『東京から考える』

東京から考える 格差・郊外・ナショナリズム (NHKブックス)

東京から考える 格差・郊外・ナショナリズム (NHKブックス)

東京の郊外では「ディズニーランド的なもの」と「国道16号的なもの」がせめぎあっている。やがては「国道16号的なもの」がすべてを覆い尽くし、我々はそこで東浩紀いうところの「動物」として生きることになるだろう。「もともと我々は動物なんだからそれでいいじゃないか」と東浩紀はいささか挑発的に居直るが、それに対して北田暁大はちょっと待てと押しとどめる。北田暁大って真面目なヒトだなぁと思う。でも彼が主張するのが下北沢の再開発反対では、ちょっとなんかなぁ…

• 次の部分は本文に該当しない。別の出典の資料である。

Definition contains_F4 : bool := [exists w : F, w ^+ 2 + w + 1 == 0].

Lemma contains_F4_of_span2 (a b : F) : a != 0 -> a ^+ 2 + a * b + b ^+ 2 = 0 ->
  contains_F4.
Proof.
move=> a0 s0; apply/existsP; exists (b / a).
have : a ^+ 2 * ((b / a) ^+ 2 + b / a + 1) = 0 by rewrite -s0; field.
by move/eqP; rewrite mulf_eq0 expf_eq0 (negbTE a0).
Qed.

Lemma span2_nzprodE (a b : F) :
  a * b * (a + b) = a ^+ 3 + a * (a ^+ 2 + a * b + b ^+ 2).
Proof. char2_ring. Qed.

Lemma span2_cube_root1 (c w : F) : c != 0 -> w ^+ 2 + w + 1 = 0 ->
  [/\ c * w != 0, c != c * w, c ^+ 2 + c * (c * w) + (c * w) ^+ 2 = 0
    & c * (c * w) * (c + c * w) = c ^+ 3].
Proof.
move=> c0 hw; have w2 : w ^+ 2 = w + 1 by apply: (add_eq_char2 hw); char2_ring.
have w0 : w != 0 by apply: contra_eq_neq hw => ->; rewrite expr0n !add0r oner_neq0.
have w1 : w != 1.
  by apply: contra_eq_neq hw => ->; rewrite expr1n addrr_pchar2 // add0r oner_neq0.
have s0 : c ^+ 2 + c * (c * w) + (c * w) ^+ 2 = 0 by char2_ring: w2.
split=> //; first exact: mulf_neq0.
  by rewrite -[c in c != _]mulr1 (inj_eq (mulfI c0)) eq_sym.
by rewrite span2_nzprodE s0 mulr0 addr0.
Qed.

Lemma card_le_double_image (T T' : finType) (h : T -> T') :
  (forall y, #|[pred x | h x == y]| <= 2)%N -> (#|T| <= 2 * #|[set h x | x : T]|)%N.
Proof.
move=> fib; have -> : #|T| = (\sum_(x : T) 1)%N by rewrite sum1_card.
rewrite (partition_big h (mem [set h x | x : T])) /=.
  rewrite mulnC -sum_nat_const leq_sum // => y _.
  by rewrite (eq_bigl (fun x => h x == y)) ?sum1_card //; apply: fib.
by move=> x _; apply: imset_f.
Qed.

Lemma artin_schreier (y : F) : ~~ contains_F4 ->
  exists u : F, u ^+ 2 + u = y \/ u ^+ 2 + u = y + 1.
Proof.
move=> no_omega; pose h (u : F) := u ^+ 2 + u.
have hD u v : h (u + v) = h u + h v by rewrite /h; char2_ring.
have fib z : (#|[pred u | h u == z]| <= 2)%N.
  case: (pickP [pred u | h u == z]) => [u /eqP hu|]; last by move/eq_card0->.
  apply: leq_trans (card_size [:: u; u + 1]); apply/subset_leq_card/subsetP => v /eqP hv.
  have : (u + v) * (u + v + 1) == 0.
    have -> : (u + v) * (u + v + 1) = h (u + v) by rewrite /h; char2_ring.
    by rewrite hD hu hv addrr_pchar2.
  rewrite mulf_eq0 -addrA !addr_eq0_char2 !inE.
  by case/orP=> /eqP->; rewrite ?addrK_pchar2 // eqxx ?orbT.
pose A := [set h u | u : F]; pose B := [set x + 1 | x in A].
have AB0 : A :&: B = set0.
  apply/setP => x; rewrite !inE; apply/negP.
  case/andP=> /imsetP[u _ ->] /imsetP[_ /imsetP[v _ ->] huv].
  move/negP: no_omega; apply; apply/existsP; exists (u + v).
  by rewrite -/(h (u + v)) hD huv; apply/eqP; char2_ring.
have AB : A :|: B = [set: F].
  apply/eqP; rewrite eqEcard subsetT cardsT -[X in (_ <= X)%N]addn0 -(cards0 F) -AB0.
  have cardB : #|B| = #|A| by apply: card_imset; exact: can_inj (addrK_pchar2 char2 1).
  by rewrite cardsUI cardB addnn -mul2n card_le_double_image.
have : y \in A :|: B by rewrite AB inE.
case/setUP => /imsetP[x Ax ->]; first by exists x; left.
by case/imsetP: Ax => u _ ->; exists u; right; rewrite addrK_pchar2.
Qed.

Lemma expr_2exp_mod (x : F) k m : x ^+ (2 ^ k) = x -> x ^+ (2 ^ m) = x ^+ (2 ^ (m %% k)).
Proof.
move=> xk; have xqk q : x ^+ (2 ^ (q * k)) = x.
  by elim: q => [|q IH]; rewrite ?mul0n ?expr1 // mulSn expnD exprM xk IH.
by rewrite {1}(divn_eq m k) expnD exprM xqk.
Qed.

Lemma expr_2exp_gcd (x : F) k m :
  x ^+ (2 ^ k) = x -> x ^+ (2 ^ m) = x -> x ^+ (2 ^ gcdn k m) = x.
Proof.
elim/ltn_ind: k m => k IH m xk xm; have [->|k0] := eqVneq k 0; first by rewrite gcd0n.
rewrite gcdnE (negbTE k0); apply: (IH (m %% k)%N _ k) => //; first by rewrite ltn_mod lt0n.
by rewrite -(expr_2exp_mod _ xk).
Qed.

Lemma prime_dvd_of_expr_2exp (x : F) k m : prime k ->
  x ^+ (2 ^ k) = x -> x ^+ (2 ^ m) = x -> x ^+ 2 != x -> (k %| m)%N.
Proof.
move=> k_pr xk xm; apply: contraNT => km.
have /eqP kmE : coprime k m by rewrite prime_coprime.
by have := expr_2exp_gcd xk xm; rewrite kmE => ->.
Qed.

Lemma F8_cubic (x : F) : x ^+ 8 = x -> x ^+ 2 != x ->
  x ^+ 3 + x + 1 = 0 \/ x ^+ 3 + x ^+ 2 + 1 = 0.
Proof.
move=> x8 x2; have : x * (x + 1) * ((x ^+ 3 + x + 1) * (x ^+ 3 + x ^+ 2 + 1)) == 0.
  have -> : x * (x + 1) * ((x ^+ 3 + x + 1) * (x ^+ 3 + x ^+ 2 + 1)) = x ^+ 8 + x.
    by char2_ring.
  by rewrite x8 addrr_pchar2.
rewrite !mulf_eq0 addr_eq0_char2 => /orP[/orP[]|/orP[]] /eqP; [| |by left|by right];
  by move=> x01; rewrite x01 ?expr0n ?expr1n eqxx in x2.
Qed.

Section SwappedInverse.

Variable g : F.
Hypotheses (g0 : g != 0) (g1 : g != 1).

Local Notation f := (swapped_inv g).
Local Notation delta := (1 + g^-1).

(* The condition of the theorem for [nabla f = 8], stated inside [F]; see [nabla8_condE]. *)
Definition nabla8_cond : bool :=
  [|| contains_F4 && (inCn (g ^+ 3 + g ^+ 2) || inCn (g + 1)),
      g ^+ 3 + g + 1 == 0 | g ^+ 3 + g ^+ 2 + 1 == 0].

Lemma swapped_invE x : f x = x^-1 + delta * ((x == 1) + (x == g))%:R.
Proof.
rewrite /swapped_inv; have [->|x1] := eqVneq x 1.
  by rewrite eq_sym (negbTE g1) /= invr1 mulr1; char2_ring.
have [->|xg] := eqVneq x g; first by rewrite /= mulr1; char2_ring.
by rewrite /= mulr0 addr0.
Qed.

Lemma divr_add_delta_eq0 y z : z != 0 ->
  (y / z + delta == 0) = (g * y == (g + 1) * z).
Proof.
move=> z0; have -> : y / z + delta = (g * y + (g + 1) * z) / (g * z).
  by char2_field; rewrite z0 g0.
by rewrite mulf_eq0 invr_eq0 mulf_eq0 (negbTE g0) (negbTE z0) !orbF addr_eq0_char2.
Qed.

Section Span.

Variables a b : F.
Hypotheses (a0 : a != 0) (b0 : b != 0) (ab : a != b).

Local Notation V := (span2 a b).
Local Notation s := (a ^+ 2 + a * b + b ^+ 2).
Local Notation N := (a * b * (a + b)).
Local Notation P := (span2_poly a b).

Lemma span2_nzprod_neq0 : N != 0.
Proof. by rewrite !mulf_neq0 // addr_eq0_char2. Qed.

Lemma ddiff_swapped_invE x : ddiff f a b x =
  ddiff GRing.inv a b x + delta * ((x + 1 \in V) (+) (x + g \in V))%:R.
Proof.
rewrite -natr_addb_char2 natrD -!ddiff_indicator // /ddiff !swapped_invE !natrD.
ring.
Qed.

Lemma ddiff_inv_notin x : x \notin V -> ddiff GRing.inv a b x = N / P x.
Proof.
move=> Vx; have Px0 : P x != 0 by rewrite -mem_span2.
apply: (canRL (mulfK Px0)); move: Px0.
rewrite span2_polyE !mulf_eq0 !negb_or => /andP[/andP[/andP[x0 xa] xb] xab].
have -> : ddiff GRing.inv a b x * (x * (x + a) * (x + b) * (x + a + b)) =
    (x + a) * (x + b) * x + (x + a + b) * (x + b) * x + (x + a + b) * (x + a) * x
    + (x + a + b) * (x + a) * (x + b).
  by rewrite /ddiff; field; rewrite ?x0 ?xa ?xb ?xab.
char2_ring.
Qed.

Lemma ddiff_inv0 : ddiff GRing.inv a b 0 = s / N.
Proof.
have ab0 : a + b != 0 by rewrite addr_eq0_char2.
apply: (canRL (mulfK span2_nzprod_neq0)).
have -> : ddiff GRing.inv a b 0 * N = a * b + (a + b) * b + (a + b) * a.
  by rewrite /ddiff !add0r invr0 addr0; field; rewrite ?a0 ?b0 ?ab0.
char2_ring.
Qed.

Lemma ddiff0_eq0 : (ddiff f a b 0 == 0) =
  if (1 \in V) (+) (g \in V) then g * s == (g + 1) * N else s == 0.
Proof.
rewrite ddiff_swapped_invE ddiff_inv0 !add0r.
case: (_ (+) _); first by rewrite mulr1 divr_add_delta_eq0 ?span2_nzprod_neq0.
by rewrite mulr0 addr0 mulf_eq0 invr_eq0 (negbTE span2_nzprod_neq0) orbF.
Qed.

Lemma ddiff_eq0_notin c : c \notin V -> (ddiff f a b c == 0) =
  ((c + 1 \in V) (+) (c + g \in V)) && (g * N == (g + 1) * P c).
Proof.
move=> Vc; have Pc0 : P c != 0 by rewrite -mem_span2.
rewrite ddiff_swapped_invE ddiff_inv_notin //.
case: (_ (+) _); first by rewrite mulr1 divr_add_delta_eq0.
by rewrite mulr0 addr0 mulf_eq0 invr_eq0 (negbTE Pc0) (negbTE span2_nzprod_neq0).
Qed.

Lemma ddiff1_eq0 : 1 \notin V ->
  (ddiff f a b 1 == 0) = (1 + g \notin V) && (g * N == (g + 1) * P 1).
Proof.
by move=> V1; rewrite ddiff_eq0_notin // addrr_pchar2 // mem0_span2.
Qed.

Lemma ddiffg_eq0 : g \notin V ->
  (ddiff f a b g == 0) = (1 + g \notin V) && (g * N == (g + 1) * P g).
Proof.
move=> Vg; rewrite ddiff_eq0_notin // addrr_pchar2 // mem0_span2.
by rewrite addbT addrC.
Qed.

Lemma ddiff0_zero_same : s = 0 -> (1 \in V) = (g \in V) -> ddiff f a b 0 = 0.
Proof. by move=> s0 V1g; apply/eqP; rewrite ddiff0_eq0 V1g addbb s0. Qed.

Lemma ddiff0_zero_sep : (1 \in V) != (g \in V) -> g * s = (g + 1) * N ->
  ddiff f a b 0 = 0.
Proof.
by move=> V1g Es; apply/eqP; rewrite ddiff0_eq0 -negb_eqb V1g Es eqxx.
Qed.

ここでいう「ディズニーランド的なもの」とはいわゆる「テーマパーク的なもの」一般を指している。東京の郊外に広がる新興住宅地も人々がホームドラマ的な「物語」を夢見ながら暮らす「ディズニーランド」に他ならないと東浩紀は指摘する。*1テーマパークに集う人々は現実の生を生きていない。「物語」を、それも多くの場合は他人から与えられた「物語」を演じているに過ぎない。それは「生活」ではなく「生活のシミュレーション」だ。

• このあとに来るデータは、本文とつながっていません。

Lemma sub_eq (a b : sub_elt) : proj1_sig a = proj1_sig b -> a = b.
Proof. by case: a b => x p [y q] /= e; subst y; f_equal; apply: proof_irrelevance. Qed.

Definition subgrp : Grp.
refine (@Build_Grp sub_elt
  (fun a b => exist _ _ (SM (proj2_sig a) (proj2_sig b)))
  (exist _ _ S1) (fun a => exist _ _ (SV (proj2_sig a))) _ _ _).
- by move=> a b c; apply: sub_eq; rewrite /= gmulA.
- by move=> a; apply: sub_eq; rewrite /= gmul1.
- by move=> a; apply: sub_eq; rewrite /= gmulV.
Defined.
End Subgroup.

Section CyclicIndices.
Variable n : nat.
Implicit Types i j : 'I_n.+1.

Definition prec i : 'I_n.+1 := (i - Zp1)%R.

Lemma succK : cancel (@succ n) prec.
Proof. by move=> i; rewrite /prec /succ GRing.addrK. Qed.

Lemma precK : cancel prec (@succ n).
Proof. by move=> i; rewrite /prec /succ GRing.subrK. Qed.

Lemma val_succ i : val (succ i) = (i.+1 %% n.+1)%N.
Proof. by rewrite /succ /= /Zp1 /= modnDmr addn1. Qed.

Lemma succ_max : succ (@ord_max n) = ord0.
Proof. by apply: val_inj; rewrite val_succ /= modnn. Qed.

Lemma prec0 : prec ord0 = @ord_max n.
Proof. by rewrite -succ_max succK. Qed.

Lemma succ_eq0 i : (succ i == ord0) = (i == ord_max).
Proof. by rewrite -succ_max (can_eq succK). Qed.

「ディズニーランド的なもの」の虚構性を激しく憎悪する自分としては東浩紀の肩を持ちたくなる。いささか彼の言い分が極端に走った観念論の臭いがしていても…
レンタルビデオ屋とコンビニとショッピングモールが延々と建ち並ぶ「国道16号的な光景」とは岡崎京子が見つけ出した「平坦な戦場」と同じものなのではないかと自分は思う。つまり、何というか、市場経済に「差異」を(つまり「意味」を)収奪されたあとの荒野だ。

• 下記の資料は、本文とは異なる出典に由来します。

Lemma represents_w2 i j : (0 < i <= 7)%N -> (0 < j <= 7)%N -> represents (sform_w2 i j) (w2 R i j).
Proof. by move=> i7 j7; apply: represents_wedge; apply: represents_basis. Qed.

Lemma represents_w3 i j k : (0 < i <= 7)%N -> (0 < j <= 7)%N -> (0 < k <= 7)%N ->
  represents (sform_w3 i j k) (w3 R i j k).
Proof.
by move=> i7 j7 k7; apply: represents_wedge; [apply: represents_basis | apply: represents_w2].
Qed.

Lemma represents_G2phi : represents sG2phi (G2phi R).
Proof. by repeat first [apply: represents_sub | apply: represents_add | apply: represents_w3]. Qed.

Lemma represents_G2psi : represents sG2psi (G2psi R).
Proof. exact/represents_hodge/represents_G2phi. Qed.

Lemma represents_omega7 : represents somega7 (omega7 R).
Proof. by apply: represents_add; apply: represents_w2. Qed.

Lemma represents_omega1 : represents somega1 (omega1 R).
Proof. by apply: represents_sub; apply: represents_w2. Qed.

Lemma represents_omega2 : represents somega2 (omega2 R).
Proof. by apply: represents_sub; [apply: represents_opp|]; apply: represents_w2. Qed.

Lemma represents_phi_rhs p7 p1 p2 l7 l1 l2 :
  l7 = ieval x p7 -> l1 = ieval x p1 -> l2 = ieval x p2 ->
  represents (sphi_rhs p7 p1 p2)
    (fscale l7 (wedge (omega7 R) (eb R 7)) + fscale l1 (wedge (omega1 R) (eb R 1))
     + fscale l2 (wedge (omega2 R) (eb R 2))).
Proof.
move=> l7E l1E l2E; apply: represents_add; first apply: represents_add.
- by apply: (represents_scale_wedge l7E represents_omega7); apply: represents_basis.
- by apply: (represents_scale_wedge l1E represents_omega1); apply: represents_basis.
- by apply: (represents_scale_wedge l2E represents_omega2); apply: represents_basis.
Qed.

そんな世界でも我々は生きていけるのだという「希望」を描いた作品が『リバーズ・エッジ』という作品なのだと自分は理解しているのだが、あの作品の中に生きる人々が東浩紀言うところの「動物」なのかどうかは正直言ってよく分からない。
もっとも、こんな「読み方」もいわゆる「誤読」、というか単なる「思い込み」なのかもしれないけれど…

*1:彼にいわせれば荻窪辺りの中央線沿線もサブカル・テーマパークということになるのだが、これには笑ってしまった。座布団十枚!